Police step up efforts to bring fugitive driver back from France to face justice
Claude Isaac, the presumed driver fled Israel for Paris about six hours after the incident, together with Eric Roubi, the car's owner, who was with him in the vehicle car at the time of the accident.
As more than 1,000 friends, relatives, kibbutz members and public figures gathered at Kibbutz Neve Ur on Sunday to pay their final respects to Lee Zeitouni, a 25-year-old Pilates instructor, Israeli law enforcement officials continued their efforts to bring the alleged driver of the car that mowed her down at a Tel Aviv intersection early Friday morning to justice.
Claude Isaac, the presumed driver in the hit-and-run accident, fled Israel for Paris about six hours after the incident, together with Eric Roubi, the car's owner, who was with him in the vehicle car at the time of the accident.
Both men are French nationals who were staying with their families in the central Tel Aviv luxury apartment complex where the car was found by police on Friday night. Israeli authorities tracked the men to Paris over the weekend and have been in contact with them.
The international division of the State Attorney's Office also entered the picture Sunday, after being briefed by accident investigators and other law enforcement officials, and has asked France to assist in the investigation.
"The Israeli authorities in France are in contact with French authorities," the State Attorney's Office said in a statement Sunday. "The Israel Police's investigation is continuing full-force, and the Tel Aviv District Attorney's Office will decide whether there is sufficient evidence to prosecute and on which charges after the investigation is completed and the findings are submitted to the prosecution.
"A decision to prosecute is a condition for submitting an extradition request to the French government. France, like the majority of European Union member states, doesn't extradite its citizens and instead tries them on its territory for crimes committed, in the presence of sufficient evidence," the statement said.
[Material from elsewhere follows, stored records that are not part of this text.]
(* Let $\mathcal G$ be a countably infinite set, $k$ an even positive integer and $\pi\in\mathcal B_{k/2}$. Then there exists a $\pi$-adopted sequence $G(\pi)=(G_1,\dots,G_k)\in\mathcal G^k$, and it is unique up to equivalence: any two $\pi$-adopted sequences are equivalent. Moreover $\#\{G_1,\dots,G_k\}=\frac k2+1$.
   Context: A pair-partition of $\{1,\dots,k\}$ is a partition all of whose blocks have exactly two elements; it is crossing if there exist $1\le a<b<c<d\le k$ with $\{a,c\},\{b,d\}\in\pi$, and non-crossing otherwise. For even $k$, $\mathcal B_{k/2}$ denotes the set of non-crossing pair-partitions of $\{1,\dots,k\}$. For $k\ge 4$, $\pi\in\mathcal B_{k/2}$ and a block $\{m,m+1\}\in\pi$ with $1\le m\le k-2$, $\pi\setminus^\bullet\{m,m+1\}\in\mathcal B_{k/2-1}$ denotes the pair-partition of $\{1,\dots,k-2\}$ obtained by deleting the block $\{m,m+1\}$ and relabelling every remaining element $a>m$ as $a-2$. $\pi$-adopted sequences. Let $\mathcal G$ be a countable set and $\pi\in\mathcal B_{k/2}$. A sequence $g=(g_1,\dots,g_k)\in\mathcal G^k$ is $\pi$-adopted, defined recursively in $k$, as follows. For $k=2$ (so $\pi=\{\{1,2\}\}$), $g$ is $\pi$-adopted iff $g_1\neq g_2$. For $k\ge 4$, $g$ is $\pi$-adopted iff for every block of $\pi$ of the form $\{m,m+1\}$ with $1\le m\le k-2$: (a) $g_m=g_{m+2}$ and $g_{m+1}\neq g_s$ for all $s\neq m+1$; and (b) the sequence $(g_1,\dots,g_m,g_{m+3},\dots,g_k)\in\mathcal G^{k-2}$, obtained by deleting $g_{m+1}$ and $g_{m+2}$, is $\pi\setminus^\bullet\{m,m+1\}$-adopted. Two sequences $g,h\in\mathcal G^k$ are equivalent if there is a bijection $\sigma:\mathcal G\to\mathcal G$ with $\sigma(g_i)=h_i$ for all $i$. *)

From mathcomp Require Import all_boot.
Set Implicit Arguments. Unset Strict Implicit. Unset Printing Implicit Defensive.

(* A pair-partition of {1,...,k} is represented as a list of blocks; the block
   {a,b} with a < b is stored as the pair (a,b). *)
Definition pairpart := seq (nat * nat).

Definition is_pairpart (k : nat) (pi : pairpart) : Prop :=
  (forall p, p \in pi -> p.1 < p.2) /\
  perm_eq (flatten [seq [:: p.1; p.2] | p <- pi]) (iota 1 k).

Definition crossing (pi : pairpart) : Prop :=
  exists a b c d, [/\ a < b, b < c, c < d, (a, c) \in pi & (b, d) \in pi].

Definition is_NC_pairpart (k : nat) (pi : pairpart) : Prop :=
  is_pairpart k pi /\ ~ crossing pi.

Definition relab (m a : nat) : nat := if m < a then a - 2 else a.

Definition del_block (pi : pairpart) (m : nat) : pairpart :=
  [seq (relab m p.1, relab m p.2) | p <- pi & p != (m, m.+1)].

(* sequences (g_1,...,g_k) in G^k are represented as functions nat -> G;
   only the values at indices 1..k are relevant. *)
Definition del_seq (G : Type) (g : nat -> G) (m : nat) : nat -> G :=
  fun i => if i <= m then g i else g (i + 2).

Fixpoint adopted_rec (G : Type) (n : nat) (pi : pairpart) (g : nat -> G) : Prop :=
  match n with
  | 0 => True (* k = 0: never used *)
  | 1 => g 1 <> g 2
  | n'.+1 =>
      forall m, 1 <= m -> m <= n.*2 - 2 -> (m, m.+1) \in pi ->
        (g m = g (m + 2) /\
         (forall s, 1 <= s -> s <= n.*2 -> s <> m.+1 -> g m.+1 <> g s)) /\
        adopted_rec n' (del_block pi m) (del_seq g m)
  end.

Definition adopted (G : Type) (k : nat) (pi : pairpart) (g : nat -> G) : Prop :=
  adopted_rec k./2 pi g.

Definition equiv_seq (G : Type) (k : nat) (g h : nat -> G) : Prop :=
  exists sigma : G -> G, bijective sigma /\
    forall i, 1 <= i -> i <= k -> sigma (g i) = h i.

(* Deleting an adjacent block {m, m+1} of a non-crossing pair-partition of {1..k} leaves a
   non-crossing pair-partition of {1..k-2}, and for k > 2 there is such a block with m <= k-2.
   Deletions at two distinct adjacent blocks commute, so the recursive conditions need only be
   checked at one adjacent block: g is pi-adopted as soon as g_m = g_{m+2}, g_{m+1} is taken
   nowhere else, and the reduced sequence is adopted for the reduced partition.  Thus adopted
   sequences arise exactly by inserting a fresh value into adopted sequences of the reduced
   partition; by induction on k/2 this gives existence (G is infinite), uniqueness up to a
   bijection of G (built from transpositions), and exactly k/2 + 1 distinct values. *)

From mathcomp Require Import all_boot zify.
Set Implicit Arguments. Unset Strict Implicit. Unset Printing Implicit Defensive.

Ltac case_ifs := repeat match goal with |- context [if ?c then _ else _] =>
  lazymatch c with context [if _ then _ else _] => fail | _ => case: (boolP c) => ? end end.
Ltac relab_lia := rewrite /relab; case_ifs; lia.

Lemma ltn_relab m x y : x != m -> x != m.+1 -> y != m -> y != m.+1 ->
  (relab m x < relab m y) = (x < y).
Proof. by move=> *; apply/idP/idP; relab_lia. Qed.

Lemma relabC m m' x : m.+1 < m' \/ m'.+1 < m ->
  relab (relab m m') (relab m x) = relab (relab m' m) (relab m' x).
Proof. by relab_lia. Qed.

Definition points (pi : pairpart) : seq nat := flatten [seq [:: p.1; p.2] | p <- pi].

Lemma points_cons p pi : points (p :: pi) = p.1 :: p.2 :: points pi.
Proof. by []. Qed.

Lemma pointsP pi x : reflect (exists2 p, p \in pi & x \in [:: p.1; p.2]) (x \in points pi).
Proof. exact: flatten_mapP. Qed.

Lemma subseq_points_filter (P : pred (nat * nat)) pi :
  subseq (points (filter P pi)) (points pi).
Proof.
elim: pi => //= p pi IH; case: (P p); first by rewrite points_cons /= !eqxx.
exact: subseq_trans IH (subseq_trans (subseq_cons _ p.2) (subseq_cons _ p.1)).
Qed.

Lemma points_block_eq pi p q x : uniq (points pi) -> p \in pi -> q \in pi ->
  x \in [:: p.1; p.2] -> x \in [:: q.1; q.2] -> p = q.
Proof.
elim: pi => // r pi IH; rewrite points_cons /= => /and3P[r1 r2 u].
have notin_rest s : s \in pi -> x \in [:: r.1; r.2] -> x \notin [:: s.1; s.2].
  move=> si xr; apply: contraL (mem_head x [::]) => xs.
  have {si xs} xpi : x \in points pi by apply/pointsP; exists s.
  move: xr; rewrite !inE => /orP[]/eqP xE; last by rewrite -xE xpi in r2.
  by move: r1; rewrite inE negb_or -xE xpi andbF.
move=> pin qin xp xq; move: pin qin.
rewrite !in_cons => /orP[/eqP pE|pi_p] /orP[/eqP qE|qi]; subst => //.
- by rewrite (negPf (notin_rest q qi xp)) in xq.
- by rewrite (negPf (notin_rest p pi_p xq)) in xp.
- exact: IH.
Qed.

Lemma blocks_disjoint pi p q : uniq (points pi) -> p \in pi -> q \in pi -> p != q ->
  [/\ p.1 != q.1, p.1 != q.2, p.2 != q.1 & p.2 != q.2].
Proof.
move=> u pin qin pq.
have apart x : x \in [:: p.1; p.2] -> x \notin [:: q.1; q.2].
  by move=> xp; apply: contra pq => xq; rewrite (points_block_eq u pin qin xp xq).
have := apart p.1; have := apart p.2; rewrite !inE !eqxx ?orbT !negb_or.
by move=> /(_ isT) /andP[? ?] /(_ isT) /andP[? ?].
Qed.

Lemma adjacent_blocks_apart pi a m : uniq (points pi) ->
  (a, a.+1) \in pi -> (m, m.+1) \in pi -> a != m -> a.+1 < m \/ m.+1 < a.
Proof.
move=> u ai mi am; have am' : (a, a.+1) != (m, m.+1) by apply: contra_neq am => -[->].
by have [/= ? ? ? ?] := blocks_disjoint u ai mi am'; lia.
Qed.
Police Commissioner Yohanan Danino also commented Sunday on the situation vis-a-vis France. "We are doing everything possible; we issued an international arrest warrant and are doing everything we can to bring them to Israel for trial. I'm never happy when criminals succeed in fleeing from Israel before we can get to them, but the investigations team acted properly, to the best of my knowledge.
"We'll try to return them to Israel but there's a possibility that they will be tried in France," Danino said.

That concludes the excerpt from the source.